WORK ORDER: Restate word for word the line containing "have [dom_P F_P] := P_opt z." and each line that follows it, through the last line below, and nothing else.

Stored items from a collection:
▽
Lemma model_inf_le_half_gap :
  quad H (vsub z (P z)) <= f z + psi z - Fstar -> Qs <= - / 2 * (f z + psi z - Fstar).
Proof.
move=> quad_le_gap; set e := vsub (P z) z.
have z_e : vadd z e = P z by apply: functional_extensionality => i; rewrite /vadd /e /vsub; ring.
have [dom_P F_P] := P_opt z.
have := model_inf_le Qs_inf (ltac:(rewrite z_e; exact: dom_P) : dom (vadd z e)).
have := convex_gradient_le f g f_grad f_cvx z e.
have quad_e : quad H e = quad H (vsub z (P z)).
  rewrite (_ : e = vscale (-1) (vsub z (P z))) ?quad_scale; first ring.
  by apply: functional_extensionality => i; rewrite /vscale /e /vsub; ring.
rewrite /Qmodel z_e quad_e; lra.
Qed.

Lemma accepted_gap_decrease gamma eta d a : 0 < gamma -> 0 <= eta < 1 ->
  accepted f g psi gamma z H d -> Qmodel g psi z H d <= (1 - eta) * Qs ->
  Qs <= - a * (f z + psi z - Fstar) ->
  f (vadd z d) + psi (vadd z d) - Fstar
    <= (1 - gamma * (1 - eta) * a) * (f z + psi z - Fstar).
Proof.
move=> gamma_gt0 eta01 [decrease _] Qd_le Qs_le.
have : (1 - eta) * Qs <= (1 - eta) * (- a * (f z + psi z - Fstar)).
  by apply: Rmult_le_compat_l; lra.
move=> /(Rle_trans _ _ _ Qd_le) /(Rmult_le_compat_l gamma _ _ (Rlt_le _ _ gamma_gt0)).
lra.
Qed.

End LinearRate.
△
TASK ANSWER:
have [dom_P F_P] := P_opt z.
have := model_inf_le Qs_inf (ltac:(rewrite z_e; exact: dom_P) : dom (vadd z e)).
have := convex_gradient_le f g f_grad f_cvx z e.
have quad_e : quad H e = quad H (vsub z (P z)).
  rewrite (_ : e = vscale (-1) (vsub z (P z))) ?quad_scale; first ring.
  by apply: functional_extensionality => i; rewrite /vscale /e /vsub; ring.
rewrite /Qmodel z_e quad_e; lra.
Qed.

Lemma accepted_gap_decrease gamma eta d a : 0 < gamma -> 0 <= eta < 1 ->
  accepted f g psi gamma z H d -> Qmodel g psi z H d <= (1 - eta) * Qs ->
  Qs <= - a * (f z + psi z - Fstar) ->
  f (vadd z d) + psi (vadd z d) - Fstar
    <= (1 - gamma * (1 - eta) * a) * (f z + psi z - Fstar).
Proof.
move=> gamma_gt0 eta01 [decrease _] Qd_le Qs_le.
have : (1 - eta) * Qs <= (1 - eta) * (- a * (f z + psi z - Fstar)).
  by apply: Rmult_le_compat_l; lra.
move=> /(Rle_trans _ _ _ Qd_le) /(Rmult_le_compat_l gamma _ _ (Rlt_le _ _ gamma_gt0)).
lra.
Qed.

End LinearRate.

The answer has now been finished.